En este momento no tenemos claro cómo vamos a armar dicho equipo, pero te vamos a considerar como un interesado para ser parte de éste.  
Creo que para empezar, podrías mandarnos una noticia o artículo para presentarla al equipo de prensa y a los directores para ver qué opinan de él.
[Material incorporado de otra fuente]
Theorem proposition8 (R : realType) (m p : nat)
  (A : nat -> 'M[R]_m) (Om : 'I_m -> set 'rV[R]_p) (c : 'rV[R]_p)
  (alpha : nat -> R) (pi : nat -> 'rV[R]_m)
  (B lam eta Rb : R)
  (theta : nat -> 'I_m -> 'rV[R]_p) (w : nat -> 'rV[R]_p) :
  (forall t, row_stochastic (A t)) ->
  (forall i, Om i !=set0) -> (forall i, closed (Om i)) -> (forall i, convex_set (Om i)) ->
  [set x | forall i, Om i x] !=set0 ->
  (forall t, 0 < alpha t) ->
  (forall t j, 0 <= pi t ord0 j) -> (forall t, \sum_(j < m) pi t ord0 j = 1) ->
  (forall t, pi t = pi t.+1 *m A t) ->
  0 < B -> 0 < lam -> lam < 1 ->
  (forall s t i j, (t <= s)%N -> `|Atrans A s t i j - pi t ord0 j| <= B * lam ^+ (s - t)) ->
  0 < eta -> (forall t i, eta <= pi t ord0 i) ->
  1 <= Rb ->
  (forall x, conv_hull (\bigcup_i Om i) x ->
     dist_to x [set y | forall i, Om i y] <= Rb * \big[Order.max/0]_(i < m) dist_to x (Om i)) ->
  (forall i, Om i (theta 0%N i)) ->
  (forall t, alpha t.+1 <= alpha t) ->
  (forall t i, is_proj (Om i)
     (\sum_(j < m) A t i j *: theta t j - alpha t *: c) (theta t.+1 i)) ->
  (forall t, is_proj [set x | forall i, Om i x]
     (\sum_(j < m) pi t ord0 j *: theta t j) (w t)) ->
  let phi := fun t i => theta t.+1 i - (\sum_(j < m) A t i j *: theta t j - alpha t *: c) in
  let beta := fun t => \sum_(i < m) enorm (phi t i) in
  let psi := fun t => alpha t * \sum_(0 <= r < t) lam ^+ (t - r - 1) * beta r in
  let C := enorm c in
  let D1 := B * \sum_(j < m) enorm (theta 0%N j) in
  let D2 := m%:R * B * C in
  let D3 := 2 * C * (1 + Rb / eta) in
  let D4 := eta / 2 in
  let b := Num.sqrt (eta / m%:R) in
  let a := D3 * B / ((1 - lam) * b) in
  let D5 := C ^+ 2 + a ^+ 2 / 2 in
  let D13 := D1 * D3 in
  let D23 := D2 * D3 in
  forall v, (forall i, Om i v) -> forall t : nat,
    \sum_(i < m) pi t.+1 ord0 i * enorm (theta t.+1 i - v) ^+ 2 + a * b * psi t.+1
    <= \sum_(i < m) pi t ord0 i * enorm (theta t i - v) ^+ 2 + a * b * psi t
       - 2 * alpha t * dotp c (w t - v) + D5 * alpha t ^+ 2
       - D4 * \sum_(i < m) enorm (phi t i) ^+ 2
       + D13 * alpha t * lam ^+ t
       + D23 * alpha t * \sum_(0 <= r < t) lam ^+ (t - r - 1) * alpha r.
Proof.
move=> stochA _ _ convOm _ alpha_gt0 pi_ge0 pi_sum1 pi_inv B_gt0 lam_gt0 lam_lt1 mixing
  eta_gt0 pi_ge_eta Rb_ge1 regular theta0_in alpha_noninc theta_proj w_proj.
have Rb_ge0 : 0 <= Rb := le_trans ler01 Rb_ge1.
move=> phi beta psi C D1 D2 D3 D4 b a D5 D13 D23 v Omv t.
exact: (dpg_lyapunov_step stochA convOm alpha_gt0 alpha_noninc pi_ge0 pi_sum1 pi_inv
  B_gt0 lam_gt0 lam_lt1 mixing eta_gt0 pi_ge_eta Rb_ge0 regular theta0_in theta_proj
  w_proj t Omv).
Qed.
(* If $x,y\in X$ are distinct and form an asymptotic pair for $T$ (i.e. $\lim_{n\to\infty}d(T^n(x),T^n(y))=0$), then $\deg(x)$ and $\deg(y)$ are both finite and $|\deg(x)-\deg(y)|\leq1$. In particular, no point $x\neq p$ is asymptotic to $p=(v_{0,0},v_{1,0},v_{2,0},\ldots)$.
   Context: Paths and cycles: a graph is $G=(V,E)$ with $V$ finite and $E\subset V\times V$. A path is a finite sequence of vertices $(u_0,\dots,u_L)$ with $(u_j,u_{j+1})\in E$; its length is $|\cdot|=L$; a cycle is a path with $u_0=u_L$. For paths where one ends where the next starts, $+$ denotes concatenation and $a\,c$ means the cycle $c$ traversed $a$ times. Construction: $G_0=(V_0,E_0)$ with $V_0=\{v_{0,0}\}$, $E_0=\{e_{0,0}\}$, $e_{0,0}=(v_{0,0},v_{0,0})$. For $n\geq1$, $G_n=(V_n,E_n)$ consists of a vertex $v_{n,0}$, the loop $e_{n,0}=(v_{n,0},v_{n,0})$, and $n$ cycles $c_{n,1},\dots,c_{n,n}$, each starting and ending at $v_{n,0}$, whose vertices other than $v_{n,0}$ are pairwise distinct (within each cycle and across cycles); $V_n$ is the set of all these vertices and $E_n$ consists of $e_{n,0}$ and the edges of the cycles. The maps $\varphi_n\colon V_{n+1}\to V_n$ and the lengths of the cycles $c_{n+1,i}$ are defined together: $\varphi_n(v_{n+1,0})=v_{n,0}$, and for each $i$ a path $P_{n,i}$ in $G_n$ from $v_{n,0}$ to $v_{n,0}$ is given; $c_{n+1,i}$ has length $|P_{n,i}|$ and $\varphi_n$ maps its $j$-th vertex to the $j$-th vertex of $P_{n,i}$ (written $\varphi_n(c_{n+1,i})=P_{n,i}$). The paths are: $P_{0,1}=10\,e_{0,0}$; for $n\geq1$: $P_{n,i}=e_{n,0}+2c_{n,i}+2c_{n,i+1}+\dots+2c_{n,n}+e_{n,0}$ for $2\leq i\leq n$; $P_{n,n+1}=(n+2)^2\big(\sum_{i=1}^n|c_{n,i}|\big)\,e_{n,0}$; and $P_{n,1}=(1\,e_{n,0}+2c_{n,1})+(2\,e_{n,0}+2c_{n,1})+\dots+(k_n\,e_{n,0}+2c_{n,1})+e_{n,0}+2c_{n,2}+\dots+2c_{n,n}+e_{n,0}$, where $k_n=2\big(1+\sum_{i=1}^n|c_{n,i}|\big)$. Let $X=\{x\in\prod_{n\geq0}V_n:\varphi_n(x_{n+1})=x_n\ \forall n\}$ with metric $d(x,y)=2^{-\min\{i:x_i\neq y_i\}}$ ($d(x,x)=0$); $X$ is a compact zero-dimensional metric space, and $T\colon X\to X$ defined by $T(x)=y$ iff $(x_n,y_n)\in E_n$ for all $n$ is a well-defined homeomorphism. Write $x_n$ for the $n$-th coordinate of $x$. Degree: for $v\in V_n$, $\deg(v)=+\infty$ if $v=v_{n,0}$ and $\deg(v)=i$ if $v$ is a vertex of $c_{n,i}$ different from $v_{n,0}$; for $x\in X$, $\deg(x)=\min_n\deg(x_n)$. *)

From mathcomp Require Import all_boot.
From Stdlib Require Import ClassicalEpsilon.
Set Implicit Arguments. Unset Strict Implicit. Unset Printing Implicit Defensive.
Si es del agrado de ellos, podríamos ponernos en contacto contigo para ver la menra de llegar a un acuerdo... ¿qué opinas? 
En todo caso, ya sabes que puedes comunicarte con nosotros a través del foro para lo que necesites, y que además, tienes el foro para publicar la información que desees -siempre y cuando se guarde el respeto necesario-. 
Saludos y estamos en contacto.

----------


## lilo_3alilo@hotmail.com

es buena la idea,yo soy de la libertad,provincia de ascope distrito de casa grande, anexo de mocan.y bueno aqui es una zona de agricultura y parece q los gobiernos no les importa nada,y megustaria q vinieran a informar lo q sucede.bueno yo soy ejecutivo, y tambien me dedico al agro bueno espero q nos visiten porq les estaremos esperando.

----------


## kscastaneda

Cuenten conmigo mi rango de acción por ahora es toda La Libertad, en Enero estaré viajando toda la zona norte del país (Chimbote, Cajamarca, La Libertad, Lambayeque, Piura, Bagua y Tumbes). 
Cordial saludo,

----------


## nando_zavaleta@hotmail.com

Si todavia esta presente este proyecto , tambien me gustaria apoyar , soy de trujillo , Agronomo de profesion y experiencia laboral en cultivo de palto hass, el zona de chavimochic. presto a apoyarlos.
Atte.
Luis Abanto.

----------


## MAYE

SRS
Estoy interesado en el tema ya que soy un agricultor y gandero de la {Prov Gran Chimú en La Libertad...les envio un lin k para que tengan algo de información de lo que estoy haciendo...estoy atento a sus instrucciones...gracias.

----------


## MAYE

El link es el http://www.perulactea.com/2011/03/25...n-la-libertad/ 
gracias

----------


## MAYE

Soy el Presidente de la Asoc de Ganderos de la Prov de Gran Chimú - Cascas, La Libertad, con gusto trabajaría con ustedes como corresponsal y otros. Saludos.

----------


## Bruno Cillóniz

Estimados: 
Los interesados en participar de este proyecto tienen que comunicarse con Arturo Córdova, que es el jefe de prensa de Agraria.pe, para que conversen con él los detalles y las posibilidades de colaborar con la Agencia Agraria de Noticias como corresponsales.  *Arturo Córdova Morán:* 
Telf: 2514827
Cel: 999797950 editor@agraria.pe 
Saludos

----------


## verde

Reciba los saludos cordiales estimado Bruno, al parecer ha llegado demasiado tarde esta noticia para mi, la verdad era lo que buscaba, lastima por lo de tarde, pero si continua, la busqueda de corresponsales, le agradeceria mucho noticiarme.

----------